The National Concert Hall (NCH; An Ceoláras Náisiúnta) is a national cultural institution, sometimes described as "the home of music in Ireland". It comprises the actual concert hall operation, which in various chambers hosts over 1,000 events each year, as well as a full orchestra, National Symphony Orchestra Ireland, and three choirs: National Symphony Chorus Ireland, NCH Cór na nÓg and NCH Cór Linn.

Originally built for the Dublin International Exhibition of Arts and Manufactures of 1865, the structure was converted into the central building of University College Dublin (UCD) at the foundation of the National University of Ireland in 1908. When UCD began to relocate to a new campus at Belfield in the 1960s, part of the building was converted, and reopened as the NCH in 1981.

As a national cultural institution, the NCH falls under the aegis of the Irish Government’s Department of Culture, Communications and Sport, and as such is grant-aided by the government. The NCH is a statutory corporate body, with a management team, and a Government-appointed Board.

==History==
The history of Earlsfort Terrace, where the National Concert Hall is based, dates back to 1865 when it was originally known as the Exhibition Palace. The Guinness Family purchased the buildings in May 1871, agreeing that ‘popular entertainment’ continue as before for a further ten years. Dublin Musical Society made its debut at the Exhibition Palace in May 1876. On its first visit to Ireland, the Hallé Orchestra gave two concerts at the Exhibition Palace on 26 October 1878.
The stone structure and glass and steel Winter Garden proved expensive to run and was later dismantled and sold in May 1882. The Royal University of Ireland occupied the premises from 1883 to 1909. Concerts and small exhibitions continued. The Irish Universities Act 1908 brought the establishment of University College Dublin (UCD) and the RUI was dissolved on 31 October 1909.

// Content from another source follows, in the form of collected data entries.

Lemma adj_connect_avoid k a b : e a b -> a != k -> b != k -> connect (avoid k) a b.
Proof. by move=> eab ak bk; apply: connect1; rewrite /avoid eab ak bk. Qed.

Lemma separates_neq k x y : separates k x y -> [/\ x != k, y != k & x != y].
Proof.
by case/and3P=> -> -> nxy; split=> //; apply: contraNneq nxy => ->; rewrite connect0.
Qed.

Lemma separates_split k x y z : separates k x y -> z != k ->
  separates k x z || separates k z y.
Proof.
case/and3P=> xk yk nxy zk; rewrite /separates xk yk zk /= -negb_and.
by apply: contra nxy => /andP[]; apply: connect_trans.
Qed.

Lemma component_closed k i x y : x \in component k i -> y \notin component k i ->
  y != k -> ~~ e x y.
Proof.
rewrite !inE => /andP[xk ix] + yk; rewrite yk /= => niy.
by apply: contra niy => exy; apply: connect_trans ix (adj_connect_avoid _ _ _).
Qed.

Hypothesis esym : symmetric e.

Lemma connect_avoid_sym k : connect_sym (avoid k).
Proof. by apply: sym_connect_sym => u v; rewrite /avoid esym [(u != k) && _]andbC. Qed.

Hypothesis eirr : irreflexive e.
Hypothesis eacyc : forall s : seq T, uniq s -> (3 <= size s)%N -> ~~ cycle e s.

Lemma separates_neighbours k a b : e k a -> e k b -> a != b -> separates k a b.
Proof.
move=> eka ekb ab.
have [ak bk] : a != k /\ b != k.
  by split; [move: eka | move: ekb]; apply: contraTneq => ->; rewrite eirr.
rewrite /separates ak bk /=; apply/negP => /connect_uniqP[p [ap up lp]].
move: ap; rewrite path_avoidE // => /andP[ap kp].
have p0 : p != [::] by apply: contraNneq ab => p0; rewrite -lp p0.
have ukap : uniq (k :: a :: p) by rewrite /= in_cons negb_or eq_sym ak kp.
have size_kap : (3 <= size (k :: a :: p))%N by case: p p0 {ap up lp kp ukap}.
have /negP[] := eacyc ukap size_kap.
by rewrite /cycle rcons_path /= eka ap lp esym.
Qed.

Lemma interior_separates x p1 u p2 : path e x (p1 ++ u :: p2) ->
  uniq (x :: p1 ++ u :: p2) -> p2 != [::] -> separates u x (last u p2).
Proof.
case: p2 => [//|b q] + + _; rewrite cat_path -cat_cons cat_uniq /=.
move=> /andP[xp /and3P[eau eub bq]] /and3P[_ disj /andP[uq _]].
have [ux bx] : u \notin x :: p1 /\ b \notin x :: p1.
  by move: disj; rewrite negb_or => /andP[-> /norP[-> _]].
have ab : last x p1 != b by apply: contraNneq bx => <-; apply: mem_last.
have eua : e u (last x p1) by rewrite esym.
have xu : x != u by apply: contraNneq ux => <-; apply: mem_head.
have bqu : last b q != u by apply: contraNneq uq => <-; apply: mem_last.
rewrite /separates xu bqu /=; apply/negP => cxy.
have /and3P[_ _ /negP[]] := separates_neighbours eua eub ab.
apply: connect_trans (connect_trans _ cxy) _.
- by rewrite connect_avoid_sym; apply: connect_avoid_last.
- by rewrite connect_avoid_sym; apply: connect_avoid_last.
Qed.

Hypothesis econn : forall x y, connect e x y.

Lemma separates_nonadj a b : a != b -> ~~ e a b -> exists k, separates k a b.
Proof.
move=> ab nab; have [[|u [|v q]] [ap up /= lp]] := connect_uniqP (econn a b).
- by rewrite lp eqxx in ab.
- by move: nab; rewrite -lp; case/andP: ap => ->.
by exists u; rewrite -lp; apply: (@interior_separates a [::] u (v :: q)).
Qed.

Several members of staff and students of UCD were involved in Easter Week 1916 Rising, including Professor Eoin MacNeill and student Richard Mulcahy who became Chief of Staff of the Volunteers (Óglaigh na hÉireann). Thomas MacDonagh, one of the signatories to the Proclamation of the Republic, was a lecturer in English at UCD. He was executed in Kilmainham Jail on 3 May 1916.

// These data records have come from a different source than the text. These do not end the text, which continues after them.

(* Let $k\geq 2$ be an integer and let $G_k(x,t)=\sum_{n\geq 0}\sum_{w\in[k]^n} t^{\mathrm{cs}(w)}x^n$. Put $\phi=\dfrac{1-x(t-1)}{2x(t-1)}$ and \[\gamma(x,t)=\frac{k}{1-3x(t-1)}-\frac{2x(t-1)}{(1-3x(t-1))^{2}}\cdot\frac{U_{k}(\phi)-U_{k-1}(\phi)-1}{U_{k}(\phi)}.\] Then \begin{align*} G_k(x,t)=1+\frac{1+3x(t-1)}{(1-3x(t-1))(1+x(t-1))}\Bigg[&\frac{1}{1-x\gamma(x,t)}\\ &-\frac{2x(t-1)(k+1)}{(1+3x(t-1))U_{k}(\phi)}\left(\frac{1-x\,\frac{1+k-U_{k}(\phi)}{1-3x(t-1)}}{1-x\gamma(x,t)}+U_{k-1}(\phi)-1\right)+kx(t-1)-1\Bigg]. \end{align*}
   Context: For an integer $k\geq 2$, $[k]=\{1,2,\ldots,k\}$ and a word over $k$ of length $n$ is an element $w=w_1\cdots w_n\in[k]^n$ ($[k]^0$ consists of the empty word). For such $w$, $\mathrm{cs}(w)$ is the number of indices $0\leq i\leq n-1$ with $|w_{i+1}-w_i|\leq 1$, where $w_0$ means $w_n$ (so $\mathrm{cs}$ of the empty word is $0$ and $\mathrm{cs}(w)=1$ for a word of length $1$). $U_n$ denotes the Chebyshev polynomial of the second kind: $U_0(x)=1$, $U_1(x)=2x$, $U_{n+1}(x)=2xU_n(x)-U_{n-1}(x)$. The identity is an identity of rational functions in $x,t$ (equivalently of formal power series in $x$ with coefficients polynomial in $t$). *)

From HB Require Import structures.
From mathcomp Require Import all_boot all_order all_algebra.
From mathcomp Require Import all_classical all_reals all_analysis.
Set Implicit Arguments. Unset Strict Implicit. Unset Printing Implicit Defensive.
Import Order.TTheory GRing.Theory Num.Theory.
Local Open Scope ring_scope.

Fixpoint chebU {R : ringType} (n : nat) (z : R) : R :=
  match n with
  | 0 => 1
  | 1 => 2 * z
  | (m.+1 as p).+1 => 2 * z * chebU p z - chebU m z
  end.

(* A word of length n over [k] is w : {ffun 'I_n -> 'I_k}; letter j+1 is coded
   by j : 'I_k (cs only depends on differences of letters). *)
(* cs(w) = #{ i : |w_{i+1} - w_i| <= 1 } with cyclic convention w_0 = w_n;
   in 0-based indices: pairs (w (i+1 mod n), w i). *)
Definition cs (n k : nat) (w : {ffun 'I_n -> 'I_k}) : nat :=
  #|[pred i : 'I_n | ((w (ordS i) : nat) <= (w i).+1)%N
                     && ((w i : nat) <= (w (ordS i)).+1)%N]|.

The building also has significant links to the War of Independence. A Dublin Corporation scholarship brought Kevin Barry, who had joined the Irish Republican Army in 1917, into UCD’s medical school in 1919.
Following the signing of the Anglo-Irish Treaty in London on 6 December 1921, Dáil Éireann met in UCD’s Council Chamber between 14 December and 10 January 1922. Ratification of the Treaty by Dáil Éireann took place in UCD on 7 January 1922 with 64 deputies in favour and 57 against. Final session of Dáil Éireann in UCD took place on 10 January 1922 when Arthur Griffith was elected president of the Dáil.

In 1960 the Irish Government agreed to build a new campus for UCD at Belfield. In 1974 the Government agreed that the Earlsfort Terrace site would be completely renovated to become the National Concert Hall. Work began in May 1978.
President Patrick Hillary officially opened the National Concert Hall on 9 September 1981 with the RTÉSO and a number soloists and choirs under Colman Pearce. The Chieftains had the honour of giving the first traditional Irish music concert on 11 September 1981, while pianist John O'Conor gave the first 'solo' recital on the 12 September.

==Programme==
The International Concert Series is the flagship of the National Concert Hall’s programme.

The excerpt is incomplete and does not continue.